Comparisons to Addiction: The involvement of the striatum in limerence has been likened to its role in addiction. Both states involve a compulsive pursuit of rewarding stimuli, driven by the same dopaminergic pathways. In limerence, the LO becomes the primary source of reward, similar to how substances or addictive behaviors function in addiction. The neural mechanisms that reinforce drug-seeking behavior in addiction similarly reinforce the obsessive pursuit of the LO in limerence.

Positive Reinforcement and Feedback Loop: Positive interactions or perceived signals of interest from the LO result in dopamine release, providing strong positive reinforcement. This reinforcement strengthens the association between the LO and the rewarding feelings, perpetuating a feedback loop where the limerent individual continuously seeks out the LO for more dopamine-driven rewards.

The striatum’s role in the brain’s reward system is crucial for understanding the mechanisms of limerence. Its involvement in dopamine release, motivation, goal-directed behavior, and habit formation explains the intense pleasure, obsession, and emotional dependency experienced by individuals in a limerent state. By engaging the same neural pathways associated with addiction, the striatum helps to perpetuate the powerful and often overwhelming nature of limerence.

Scam Victims and Limerence – They Did Not Fall In Love!

Many scam victims believe they have genuinely fallen in love with romance scammers or their fake personas/profiles, but in reality, what they typically experience is limerence—a state of intense emotional infatuation and obsession driven by psychological and neurobiological mechanisms. This misinterpretation can lead to devastating psychological consequences.

The Illusion of Love and the Reality of Limerence

Romance scammers skillfully manipulate their victims’ emotions, creating an illusion of deep, genuine affection. They often use carefully crafted messages, attentive communication, and feigned empathy to construct a sense of intimacy and trust. Victims, feeling an intense emotional connection, often mistake these manipulations for true love. However, the symptoms and experiences of these victims align more closely with limerence than with authentic, reciprocated love.

Emotional Rollercoaster and Obsessive Thoughts

Limerence is typically characterized by an emotional rollercoaster where the victim experiences extreme highs and lows based on the scammer’s interactions, often based on the cycles of the scammer’s love bombing and amygdala hijacks. The scammer’s messages, which may alternate between affection and calculated absence, trigger dopamine releases in the brain, creating intense feelings of pleasure and anticipation. This dopamine-driven reward system (dopamine signaling) reinforces the victim’s obsession with the scammer, making it difficult for them to think about anything else. The striatum, a key part of the brain’s reward system, plays a significant role in this process by reinforcing the neural pathways associated with thoughts of the scammer, leading to intrusive and persistent thoughts.

Dependency and Emotional Vulnerability

Scammers exploit the emotional dependency created by limerence. Victims often become emotionally dependent on the scammer, with their mood and self-worth tied to the scammer’s perceived interest and approval. This dependency makes them highly vulnerable to manipulation that also increases limerence, as they are willing to go to great lengths to maintain the scammer’s affection, often resulting in significant financial and emotional losses.

Manipulation and Control

Scammers leverage the characteristics of limerence to exert control over their victims. By providing intermittent reinforcement—responding positively at times and withdrawing at others—they keep the victim in a constant state of longing and uncertainty. This tactic enhances the victim’s emotional investment and desperation to regain the scammer’s affection, a behavior driven by the brain’s need to seek out the next dopamine reward.

The Wake-Up Call

For many victims, the realization that they have been scammed is a profound shock – psychological betrayal trauma. They must grapple not only with the financial and emotional betrayal but also with the understanding that they perceived they were in love when in actuality it was actually a manifestation of limerence. This realization can be deeply disorienting, as it challenges the victim’s understanding of their own emotions and judgments.

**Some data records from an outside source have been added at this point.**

Fixpoint projD (g : game) (S : label -> fmla) (n : nat) : game * nat :=
  match g with
  | GDAny a x => (GSeq n (GDAny a x) (GDTest (n+1) (S End)), n+2)
  | GDODE a o Q => (GSeq n (GDODE a o Q) (GDTest (n+1) (S End)), n+2)
  | GDChoice a g1 g2 =>
      let '(p1, n1) := projD g1 S n in
      let '(p2, n2) := projD g2 S n1 in
      (GDChoice a (GSeq n2 (GDTest (n2+1) (S (Node (lab g1)))) p1)
                  (GSeq (n2+2) (GDTest (n2+3) (S (Node (lab g2)))) p2), n2+4)
  | GCross a g1 =>
      let '(p, n1) :=
        projD g1 (upd_end S (FOr (S (Node (lab g1))) (S End))) n in
      (GSeq n1 (GCross a (GSeq (n1+1) (GDTest (n1+2) (S (Node (lab g1)))) p))
               (GDTest (n1+3) (S End)), n1+4)
  | GSeq a g1 g2 =>
      let '(p1, n1) := projD g1 (upd_end S (S (Node (lab g2)))) n in
      let '(p2, n2) := projD g2 S n1 in
      (GSeq a p1 p2, n2)
  | GChoice a g1 g2 =>
      let '(p1, n1) := projD g1 S n in
      let '(p2, n2) := projD g2 S n1 in
      (GChoice a p1 p2, n2)
  | GStar a g1 =>
      let '(p, n1) := projD g1 (upd_end S (S (Node a))) n in
      (GStar a p, n1)
  | _ => (g, n)
  end.

Definition fresh (g : game) : nat := S (list_max (nodes g)).
Definition projAngel (g : game) (Sm : label -> fmla) : game :=
  fst (projA g Sm (fresh g)).
Definition projDemon (g : game) (Sm : label -> fmla) : game :=
  fst (projD g Sm (fresh g)).

From Stdlib Require Import Reals List Classical.

(* The projections only insert tests, so P(α,S) can only shrink Angel's winning
   region and D(α,S) can only enlarge Demon's, whatever S is.  Conversely, the
   test P inserts before a node b checks S(b), and when S is the subvalue map of
   α for a goal X, S(b) holds exactly where Angel can win the rest of α from b;
   so a winning play never fails a test.  The induction keeps S correct for X
   while Angel pursues any smaller goal Z ⊆ X, since loops and sequential
   composition hand their subgames the goals ⟨α^*⟩X, ⟨α^×⟩X and ⟨δ⟩X.  The
   Demonic case is the classical dual; at a Demon loop the new end formula
   S(g) ∨ S(end) denotes ¬⟨γ⟩⟨α^×⟩X ∨ ¬X, the complement of ⟨α^×⟩X by the
   greatest-fixpoint equation. *)

Lemma game_sem_mono (g : game) (X Y : state -> Prop) :
  (forall w, X w -> Y w) -> forall w, game_sem g X w -> game_sem g Y w.
Proof.
  revert X Y; induction g; intros X Y HXY w H; simpl in *.
  - auto.
  - destruct H as [r Hr]; eauto.
  - auto.
  - destruct H; auto.
  - auto.
  - destruct H as [r [y [Hy Hr]]]; eauto.
  - eauto.
  - eapply IHg1; [|exact H]. intro v; apply IHg2; auto.
  - destruct H; [left|right]; eauto.
  - destruct H; split; eauto.
  - intros Z HZ; apply H. intros v [Hv|Hv]; apply HZ; [left|right]; auto.
  - destruct H as [Z [HZ Hw]]; exists Z; split; auto.
    intros v Hv; destruct (HZ v Hv); auto.
Qed.

Lemma star_fold (a : nat) (g : game) (X : state -> Prop) (w : state) :
  X w \/ game_sem g (game_sem (GStar a g) X) w -> game_sem (GStar a g) X w.
Proof.
  intros H Z HZ. apply HZ. destruct H as [H|H]; [now left | right].
  eapply game_sem_mono; [|exact H]. intros v Hv; now apply Hv.
Qed.

Lemma cross_unfold (a : nat) (g : game) (X : state -> Prop) (w : state) :
  game_sem (GCross a g) X w -> X w /\ game_sem g (game_sem (GCross a g) X) w.
Proof.
  intros [W [HW Hw]]. destruct (HW w Hw) as [HX Hg]. split; auto.
  eapply game_sem_mono; [|exact Hg]. intros v Hv. now exists W.
Qed.

Lemma cross_fold (a : nat) (g : game) (X : state -> Prop) (w : state) :
  X w /\ game_sem g (game_sem (GCross a g) X) w -> game_sem (GCross a g) X w.
Proof.
  intro H. exists (fun v => X v /\ game_sem g (game_sem (GCross a g) X) v).
  split; auto. intros v [HX Hg]; split; auto.
  eapply game_sem_mono; [|exact Hg]. intros u Hu. now apply cross_unfold.
Qed.

Lemma lab_in_nodes (g : game) : In (lab g) (nodes g).
Proof. destruct g; simpl; auto. Qed.

Lemma suffix_lab (g : game) : suffix (lab g) g = g.
Proof. destruct g; simpl; now rewrite Nat.eqb_refl. Qed.

Lemma memb_In (b : nat) (l : list nat) : memb b l = true <-> In b l.
Proof.
  unfold memb. rewrite existsb_exists. split.
  - intros [x [Hx Hb]]. apply Nat.eqb_eq in Hb. now subst.
  - intro H. exists b. split; auto. apply Nat.eqb_refl.
Qed.

Lemma memb_notin (b : nat) (l : list nat) : ~ In b l -> memb b l = false.
Proof. intro H. apply Bool.not_true_iff_false. now rewrite memb_In. Qed.

Lemma NoDup_app_disjoint {A : Type} (l1 l2 : list A) (x : A) :
  NoDup (l1 ++ l2) -> In x l1 -> ~ In x l2.
Proof.
  induction l1 as [|y l1 IH]; simpl; intros H Hx; [contradiction|].
  inversion_clear H as [|? ? Hy Hnd]. destruct Hx as [<-|Hx].
  - intro Hx2. apply Hy, in_or_app; auto.
  - auto.
Qed.

Lemma NoDup_node (a : nat) (l1 l2 : list nat) :
  NoDup (a :: l1 ++ l2) ->
  NoDup l1 /\ NoDup l2 /\ ~ In a l1 /\ ~ In a l2 /\
  (forall b, In b l1 -> ~ In b l2).
Proof.
  intro H. inversion_clear H as [|? ? Ha Hnd].
  repeat split.
  - exact (NoDup_app_remove_r _ _ Hnd).
  - exact (NoDup_app_remove_l _ _ Hnd).
  - intro; apply Ha, in_or_app; auto.
  - intro; apply Ha, in_or_app; auto.
  - intros b; apply NoDup_app_disjoint, Hnd.
Qed.

Lemma suffix_seq_l (a b : nat) (g1 g2 : game) :
  NoDup (nodes (GSeq a g1 g2)) -> In b (nodes g1) ->
  suffix b (GSeq a g1 g2) = GSeq a (suffix b g1) g2.
Proof.
  intros Hnd Hb. simpl in *. apply NoDup_node in Hnd as (_ & _ & Ha & _).
  destruct (Nat.eqb_spec b a) as [->|_]; [contradiction|].
  now rewrite (proj2 (memb_In _ _) Hb).
Qed.
(* Let $T$ be a positive integer, $(\Omega,\mathcal{F},P)$ a probability space, and $\mathbb{F}=(\mathcal{F}_t)_{t=0}^T$, $\mathbb{G}=(\mathcal{G}_t)_{t=0}^T$ two filtrations with $\mathcal{G}_t\subseteq\mathcal{F}_t$ for every $t$. Let $X^2,Y^2$ be real-valued processes $(X^2_t)_{t=0}^T$, $(Y^2_t)_{t=0}^T$ adapted to $\mathbb{G}$ with $E\left(\max_{0\le t\le T}|X^2_t|\right)<\infty$ and $E\left(\max_{0\le t\le T}|Y^2_t|\right)<\infty$. Let $\tau\in\mathcal{T}(\mathbb{F})$ and let $t\in\{0,1,\dots,T-1\}$. Then there exists $\hat{\nu}_t\in\mathcal{T}_t(\mathbb{G})$ such that, $P$-a.s., \begin{align*} &E\left[X^2_{\hat{\nu}_t}\mathbf{1}_{\{\hat{\nu}_t<\tau\}}+Y^2_{\tau}\mathbf{1}_{\{\tau\leq\hat{\nu}_t\}}\,\big|\,\mathcal{G}_t^\tau\right]=\operatorname{ess\,sup}_{\nu\in\mathcal{T}_t(\mathbb{G}^\tau)}E\left[X^2_\nu\mathbf{1}_{\{\nu<\tau\}}+Y^2_{\tau}\mathbf{1}_{\{\tau\leq\nu\}}\,\big|\,\mathcal{G}_t^\tau\right]\\ &=Y^2_\tau\mathbf{1}_{\{\tau\leq t\}}+\mathbf{1}_{\{\tau>t\}}\operatorname{ess\,sup}_{\nu\in\mathcal{T}_t(\mathbb{G})}E_{P|\{\tau>t\}}\left[X^2_\nu\mathbf{1}_{\{\nu<\tau\}}+Y^2_\tau\mathbf{1}_{\{\tau\leq\nu\}}\,\big|\,\mathcal{G}_t\right]. \end{align*}
   Context: Time is discrete, taking values in $\{0,1,\dots,T\}$. For a filtration $\mathbb{H}$, $\mathcal{T}(\mathbb{H})$ denotes the set of $\mathbb{H}$-stopping times with values in $\{0,\dots,T\}$, and $\mathcal{T}_t(\mathbb{H})$ the set of $\mathbb{H}$-stopping times $\nu$ with $P(t\le\nu\le T)=1$. For $\tau\in\mathcal{T}(\mathbb{F})$, the filtration $\mathbb{G}^\tau=(\mathcal{G}^\tau_t)_{t=0}^T$ is defined by $\mathcal{G}_t^\tau=\mathcal{G}_t\vee\sigma\{\mathbf{1}_{\{\tau\le s\}};0\le s\le t\}$. $E_{P|\{\tau>t\}}[\,\cdot\,|\mathcal{G}_t]$ denotes conditional expectation given $\mathcal{G}_t$ under the conditional probability measure $P(\cdot\mid\tau>t)$; when $P(\tau>t)=0$ the term multiplied by $\mathbf{1}_{\{\tau>t\}}$ is understood to vanish. *)

From HB Require Import structures.
From mathcomp Require Import all_boot all_order all_algebra.
From mathcomp Require Import all_classical all_reals all_analysis.
From mathcomp Require Import measurable_realfun.
Set Implicit Arguments. Unset Strict Implicit. Unset Printing Implicit Defensive.
Import Order.TTheory GRing.Theory Num.Theory.
Local Open Scope classical_set_scope.
Local Open Scope ring_scope.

Psychological and Social Implications

Limerence can have significant psychological and social implications. While it can be a euphoric and motivating experience, it can also lead to emotional distress, impaired judgment, and difficulties in everyday functioning if the feelings are not reciprocated or if they interfere with other aspects of life. Understanding limerence can help individuals and mental health professionals recognize and manage these intense feelings, providing pathways to healthier relationships and emotional well-being.

Make sure that you talk to your psychologist about this.

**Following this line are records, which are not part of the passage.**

(* Let $d\geq 1$ and let $c>b>0$ be integers with $d$-binomial expansions $b=\binom{b_d}{d}+\cdots+\binom{b_j}{j}$, $b_d>b_{d-1}>\cdots>b_j\geq j\geq 1$, and $c=\binom{c_d}{d}+\cdots+\binom{c_i}{i}$, $c_d>\cdots>c_i\geq i\geq 1$. Then $b^{(d)}=c^{(d)}$ if and only if $j\geq 2$ and $c-b\leq j-1$.
   Context: For a positive integer $d$, every integer $a>0$ has a unique representation (the $d$-binomial or Macaulay expansion) $a=\binom{a_d}{d}+\binom{a_{d-1}}{d-1}+\cdots+\binom{a_j}{j}$ with $a_d>a_{d-1}>\cdots>a_j\geq j\geq 1$. For such an expansion one defines $a^{(d)}=\binom{a_d}{d+1}+\cdots+\binom{a_j}{j+1}$ (with $\binom{m}{r}=0$ for $m<r$). *)

From mathcomp Require Import all_boot.
Set Implicit Arguments. Unset Strict Implicit. Unset Printing Implicit Defensive.

(* A d-binomial (Macaulay) expansion of a: the lowest index j and the
   coefficients f k = a_k for j <= k <= d, with
   a = C(a_d,d) + ... + C(a_j,j),  a_d > a_{d-1} > ... > a_j >= j >= 1. *)
Definition is_dexp (d a j : nat) (f : nat -> nat) : Prop :=
  [/\ 1 <= j, j <= d,
      (forall k, j <= k -> k < d -> f k < f k.+1),
      j <= f j &
      a = \sum_(j <= k < d.+1) 'C(f k, k)].

(* a^(d) computed from the expansion (j, f):
   C(a_d, d+1) + ... + C(a_j, j+1). *)
Definition dexp_up (d j : nat) (f : nat -> nat) : nat :=
  \sum_(j <= k < d.+1) 'C(f k, k.+1).

From mathcomp Require Import all_boot.
Set Implicit Arguments. Unset Strict Implicit. Unset Printing Implicit Defensive.

(* The theorem follows from a study of how the
   expansion changes when a is replaced by a + 1:
   - if j >= 2, appending the term C(j-1, j-1) = 1 gives the expansion of
     a + 1, with lowest index j - 1 and the same value of a^(d), since
     C(j-1, j) = 0 (dexp_succ_low);
   - if j = 1, then (a + 1)^(d) > a^(d) (dexp_succ_one, by induction on d,
     distinguishing whether adding 1 carries into the top coefficient).
   Iterating n times from b (dexp_iter): a^(d) is unchanged as long as
   n < j, and strictly increases as soon as n >= j.  Since expansions are
   unique (dexp_uniq, from the bound C(a_d, d) <= a < C(a_d + 1, d)), the
   expansion of c = b + (c - b) obtained this way is the given one, which
   yields the theorem. *)

(* Both a and a^(d) are bounded by the next binomial above their top term;
   e selects between the two sums (e = 0 for a, e = 1 for a^(d)). *)
Lemma dexp_sum_lt (e : nat) d a j f : e <= 1 -> is_dexp d a j f ->
  \sum_(j <= k < d.+1) 'C(f k, k + e) < 'C((f d).+1, d + e).
Proof.
move=> le_e1 [+ + + + _]; elim: d => [|d IHd] j_gt0 le_jd f_incr le_j_fj.
  by move: (leq_trans j_gt0 le_jd).
case: (ltngtP j d.+1) le_jd => // [lt_jd|eq_jd] _; last first.
  subst j; rewrite big_nat1 addSn binS -[X in X < _]addn0 ltn_add2l bin_gt0.
  by apply: leq_trans le_j_fj; rewrite -addn1 leq_add2l.
rewrite big_nat_recr /= ?addSn ?binS 1?addnC ?ltn_add2l; last exact: ltnW.
apply: leq_trans (IHd j_gt0 lt_jd (fun k h1 h2 => f_incr k h1 (ltnW h2)) le_j_fj) _.
exact/leq_bin2l/f_incr.
Qed.

Lemma dexp_lt_top d a j f : is_dexp d a j f -> a < 'C((f d).+1, d).
Proof.
move=> fP; have := dexp_sum_lt (e := 0) isT fP; case: fP => _ _ _ _ ->.
by rewrite addn0; under eq_bigr do rewrite addn0.
Qed.

Lemma dexp_up_lt_top d a j f :
  is_dexp d a j f -> dexp_up d j f < 'C((f d).+1, d.+1).
Proof.
by move=> /(dexp_sum_lt (e := 1) isT); rewrite addn1 /dexp_up; under eq_bigr do rewrite addn1.
Qed.

Lemma dexp_top_le d a j f : is_dexp d a j f -> 'C(f d, d) <= a.
Proof.
by case=> j_gt0 le_jd _ _ ->; rewrite big_nat_recr /= ?leq_addl // (leq_trans j_gt0).
Qed.

Lemma dexp_top_uniq d a j i f g :
  is_dexp d a j f -> is_dexp d a i g -> f d = g d.
Proof.
have top_le p q x y : is_dexp d a p x -> is_dexp d a q y -> x d <= y d.
  move=> xP yP; rewrite leqNgt; apply/negP => lt_yx.
  have := leq_ltn_trans (leq_trans (leq_bin2l d lt_yx) (dexp_top_le xP)) (dexp_lt_top yP).
  by rewrite ltnn.
by move=> fP gP; apply/eqP; rewrite eqn_leq (top_le _ _ _ _ fP gP) (top_le _ _ _ _ gP fP).
Qed.

Lemma dexp_peel d a j f : is_dexp d.+1 a j f -> j <= d ->
  is_dexp d (a - 'C(f d.+1, d.+1)) j f.
Proof.
case=> j_gt0 _ f_incr le_j_fj def_a le_jd; split=> //.
- by move=> k le_jk lt_kd; apply: f_incr le_jk (ltnW lt_kd).
- by rewrite def_a big_nat_recr /= ?addnK // ltnW.
Qed.

Lemma dexp_top_lt d a j f : is_dexp d.+1 a j f -> j <= d -> 'C(f d.+1, d.+1) < a.
Proof.
case=> j_gt0 _ _ le_j_fj -> le_jd; rewrite big_nat_recr /=; last exact: ltnW.
rewrite -[X in X < _]add0n ltn_add2r big_ltn //.
by apply: leq_trans (leq_addr _ _); rewrite bin_gt0.
Qed.

Lemma dexp_single d a f : is_dexp d.+1 a d.+1 f -> a = 'C(f d.+1, d.+1).
Proof. by case=> _ _ _ _ ->; rewrite big_nat1. Qed.

Lemma dexp_uniq d a j i f g : is_dexp d a j f -> is_dexp d a i g ->
  j = i /\ (forall k, j <= k <= d -> f k = g k).
Proof.
elim: d a j i f g => [|d IHd] a j i f g fP gP.
  by case: fP => j_gt0 le_j0; move: (leq_trans j_gt0 le_j0).
have top := dexp_top_uniq fP gP.
have le_jd : j <= d.+1 by case: fP.
have le_id : i <= d.+1 by case: gP.
case: (ltngtP j d.+1) le_jd => // [lt_jd|eq_jd] _;
  case: (ltngtP i d.+1) le_id => // [lt_id|eq_id] _.
- have gP' := dexp_peel gP lt_id; rewrite -top in gP'.
  have [-> eq_fg] := IHd _ _ _ _ _ (dexp_peel fP lt_jd) gP'.
  split => // k /andP[le_ik]; rewrite leq_eqVlt => /orP[/eqP -> // | lt_kd].
  by apply: eq_fg; rewrite le_ik -ltnS.
- by rewrite eq_id in gP; have := dexp_top_lt fP lt_jd; rewrite (dexp_single gP) top ltnn.
- by rewrite eq_jd in fP; have := dexp_top_lt gP lt_id; rewrite (dexp_single fP) top ltnn.
- by split=> [|k]; rewrite ?eq_jd ?eq_id // -eqn_leq => /eqP <-.
Qed.

Lemma dexp_up_ext d j f g : (forall k, j <= k <= d -> f k = g k) ->
  dexp_up d j f = dexp_up d j g.
Proof. by move=> eq_fg; apply: eq_big_nat => k /andP[h1 h2]; rewrite eq_fg // h1 -ltnS. Qed.

Lemma dexp_up_uniq d a j i f g : is_dexp d a j f -> is_dexp d a i g ->
  dexp_up d j f = dexp_up d i g.
Proof. by move=> fP gP; have [<- ?] := dexp_uniq fP gP; exact: dexp_up_ext. Qed.

Lemma dexp_coef_ge d a j f : is_dexp d a j f -> forall k, j <= k <= d -> k <= f k.
Proof.
case=> _ _ f_incr le_j_fj _; elim=> [//|k IHk] /andP[].
case: (ltngtP j k.+1) => // [lt_jk|<-] _ // le_kd.
by apply: leq_ltn_trans (IHk _) (f_incr k lt_jk le_kd); rewrite -ltnS lt_jk ltnW.
Qed.

Definition setc (f : nat -> nat) (n x : nat) : nat -> nat :=
  fun k => if k == n then x else f k.

Lemma setc_at f n x : setc f n x n = x.
Proof. by rewrite /setc eqxx. Qed.

Lemma setc_other f n x k : k != n -> setc f n x k = f k.
Proof. by rewrite /setc => /negbTE ->. Qed.

(* Step for a lowest index j + 1 >= 2: a + 1 has the expansion
   a(j + 1, f) + C(j, j), with the same a^(d) since C(j, j + 1) = 0. *)
Lemma dexp_succ_low d a j f : is_dexp d a j.+1 f -> 1 <= j ->
  is_dexp d a.+1 j (setc f j j) /\ dexp_up d j (setc f j j) = dexp_up d j.+1 f.
Proof.
case=> _ le_jd f_incr le_j_fj def_a j_gt0.
have lt_jd : j < d.+1 by apply: leq_trans le_jd _.
have above_j k : j < k -> setc f j j k = f k by move=> lt_jk; rewrite setc_other // gtn_eqF.
split; last first.
  rewrite /dexp_up big_ltn // setc_at bin_small // add0n.
  by apply: eq_big_nat => k /andP[lt_jk _]; rewrite above_j.
split=> //; rewrite ?setc_at //.
- move=> k; case: (ltngtP j k) => // [lt_jk|<-] _ lt_kd.
    by rewrite !above_j ?f_incr // ltnW.
  by rewrite setc_at above_j.
- rewrite big_ltn // setc_at binn def_a add1n; congr _.+1.
  by apply: eq_big_nat => k /andP[lt_jk _]; rewrite above_j.
Qed.

Lemma dexp_single_intro D x : 1 <= D -> D <= x ->
  is_dexp D 'C(x, D) D (fun _ => x) /\ dexp_up D D (fun _ => x) = 'C(x, D.+1).
Proof.
move=> D_gt0 le_Dx; split; last by rewrite /dexp_up big_nat1.
split=> //; last by rewrite big_nat1.
by move=> k le_Dk lt_kD; move: (leq_ltn_trans le_Dk lt_kD); rewrite ltnn.
Qed.

Lemma dexp_extend d a j f x : is_dexp d a j f -> f d < x ->
  is_dexp d.+1 (a + 'C(x, d.+1)) j (setc f d.+1 x) /\
  dexp_up d.+1 j (setc f d.+1 x) = dexp_up d j f + 'C(x, d.+2).
Proof.
case=> j_gt0 le_jd f_incr le_j_fj def_a lt_fd_x.
have below_top k : k <= d -> setc f d.+1 x k = f k.
  by move=> le_kd; rewrite setc_other // ltn_eqF.
have le_j_d1 : j <= d.+1 := leqW le_jd.
split; last first.
  rewrite /dexp_up big_nat_recr //= setc_at; congr (_ + _).
  by apply: eq_big_nat => k /andP[_ lt_kd]; rewrite below_top.
split=> //; rewrite ?below_top //.
- move=> k le_jk; rewrite ltnS leq_eqVlt => /orP[/eqP -> | lt_kd].
    by rewrite setc_at below_top.
  by rewrite !below_top ?f_incr ?(ltnW lt_kd).
- rewrite big_nat_recr //= setc_at def_a; congr (_ + _).
  by apply: eq_big_nat => k /andP[_ lt_kd]; rewrite below_top.
Qed.

(* Step for lowest index 1: a^(d) strictly increases from a to a + 1.
   By induction on d, with a0 = a - C(a_d, d): if the expansion of a0 + 1
   has top coefficient below a_d, the top term is put back (dexp_extend);
   otherwise adding 1 carries, a0 + 1 = C(a_d, d - 1), and a + 1 is the
   single term C(a_d + 1, d). *)
Lemma dexp_succ_one d a f : is_dexp d.+1 a 1 f ->
  exists j' f', is_dexp d.+1 a.+1 j' f' /\ dexp_up d.+1 1 f < dexp_up d.+1 j' f'.
Proof.
elim: d a f => [|d IHd] a f fP.
  have f1_gt0 : 0 < f 1 by case: fP.
  have [gP up_g] := dexp_single_intro (D := 1) (x := (f 1).+1) isT isT.
  exists 1, (fun _ => (f 1).+1); split; first by rewrite (dexp_single fP) !bin1 in gP *.
  by rewrite up_g /dexp_up big_nat1 binS -[X in X < _]addn0 ltn_add2l bin1.
set x := f d.+2; set a0 := a - 'C(x, d.+2).
have f0P : is_dexp d.+1 a0 1 f := dexp_peel fP isT.
have def_a : a = a0 + 'C(x, d.+2) by rewrite subnK // (dexp_top_le fP).
have up_f : dexp_up d.+2 1 f = dexp_up d.+1 1 f + 'C(x, d.+3).
  by rewrite /dexp_up big_nat_recr.
have [j' [f' [f'P lt_up]]] := IHd a0 f f0P.
case: (ltnP (f' d.+1) x) => [lt_f'x | le_x_f'].
  have [gP up_g] := dexp_extend f'P lt_f'x.
  exists j', (setc f' d.+2 x); rewrite def_a -addSn up_f up_g ltn_add2r.
  by split.
have lt_fd_x : f d.+1 < x by case: fP => _ _ f_incr _ _; apply: f_incr.
have carry : a0.+1 = 'C(x, d.+1).
  apply/eqP; rewrite eqn_leq; apply/andP; split.
    exact: leq_trans (dexp_lt_top f0P) (leq_bin2l _ lt_fd_x).
  exact: leq_trans (leq_bin2l _ le_x_f') (dexp_top_le f'P).
have le_dx : d.+2 <= x by apply: (dexp_coef_ge fP); rewrite leqnn.
have [gP up_g] := dexp_single_intro (D := d.+2) (x := x.+1) isT (leqW le_dx).
exists d.+2, (fun _ => x.+1); split; first by rewrite def_a -addSn carry addnC -binS.
rewrite up_g binS up_f addnC ltn_add2l.
exact: leq_trans (dexp_up_lt_top f0P) (leq_bin2l _ lt_fd_x).
Qed.

Lemma dexp_iter d n a j f : is_dexp d a j f ->
  exists j' f', is_dexp d (a + n) j' f' /\
    (n < j -> dexp_up d j' f' = dexp_up d j f) /\
    (j <= n -> dexp_up d j f < dexp_up d j' f').
Proof.
elim: n a j f => [|n IHn] a j f fP.
  exists j, f; rewrite addn0; split=> //; split=> // le_j0.
  by case: fP => j_gt0; move: (leq_trans j_gt0 le_j0).
have [j_gt0 le_jd _ _ _] := fP.
case: j j_gt0 le_jd fP => [//|[|j]] _ le_jd fP.
  case: d IHn le_jd fP => [//|d] IHn _ fP.
  have [j1 [f1 [f1P lt_up]]] := dexp_succ_one fP.
  have [j' [f' [f'P [same grow]]]] := IHn _ _ _ f1P.
  exists j', f'; rewrite -addSnnS; split=> //; split=> // _.
  by case: (ltnP n j1) => [/same -> // | /grow]; exact: ltn_trans.
have [gP up_g] := dexp_succ_low (j := j.+1) fP isT.
have [j' [f' [f'P [same grow]]]] := IHn _ _ _ gP.
by exists j', f'; rewrite -addSnnS -up_g ltnS.
Qed.

Theorem mainTheorem2 (d b c j i : nat) (fb fc : nat -> nat) :
  1 <= d -> 0 < b -> b < c ->
  is_dexp d b j fb -> is_dexp d c i fc ->
  (dexp_up d j fb = dexp_up d i fc <-> (2 <= j /\ c - b <= j - 1)).
Proof.
move=> _ _ lt_bc fbP fcP; set n := c - b.
have n_gt0 : 0 < n by rewrite subn_gt0.
have j_gt0 : 0 < j by case: fbP.
(* walking n steps up from b reaches the given expansion of c *)
have [j' [f' [f'P [same grow]]]] := dexp_iter n fbP.
have def_c : b + n = c by apply: subnKC; apply: ltnW.
rewrite def_c in f'P; rewrite (dexp_up_uniq fcP f'P).
have -> : (n <= j - 1) = (n < j) by rewrite subn1 -ltnS prednK.
split=> [eq_up | [_ lt_nj]]; last by rewrite same.
case: (ltnP n j) => [lt_nj | /grow]; last by rewrite eq_up ltnn.
by split=> //; exact: leq_ltn_trans n_gt0 lt_nj.
Qed.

Limerence vs. Obsessive Love Disorder (OLD)

Limerence and Obsessive Love Disorder (OLD) are both intense emotional experiences related to romantic infatuation, but they differ significantly in their characteristics, underlying causes, and impacts on individuals’ behavior and mental health.

Limerence

Definition: Limerence is an involuntary emotional state of romantic infatuation. It involves obsessive thoughts, idealization of the love interest, and a strong desire for reciprocation.

Duration: Limerence typically lasts for a limited period, often months to a few years. It can fade naturally over time, especially if reciprocation is not achieved.

Focus: The primary focus in limerence is on achieving emotional reciprocation and creating a romantic connection. It is characterized by fluctuating emotional highs and lows based on interactions with the object of affection.

Behavior: Individuals in a state of limerence may engage in idealization, fantasizing, and obsessive thinking, but their behavior does not necessarily become disruptive or harmful.

Outcome: Limerence can lead to either a mutual relationship or disillusionment (such as betrayal trauma in scam victims) if the feelings are not reciprocated. It often resolves naturally once the infatuation fades or the person moves on.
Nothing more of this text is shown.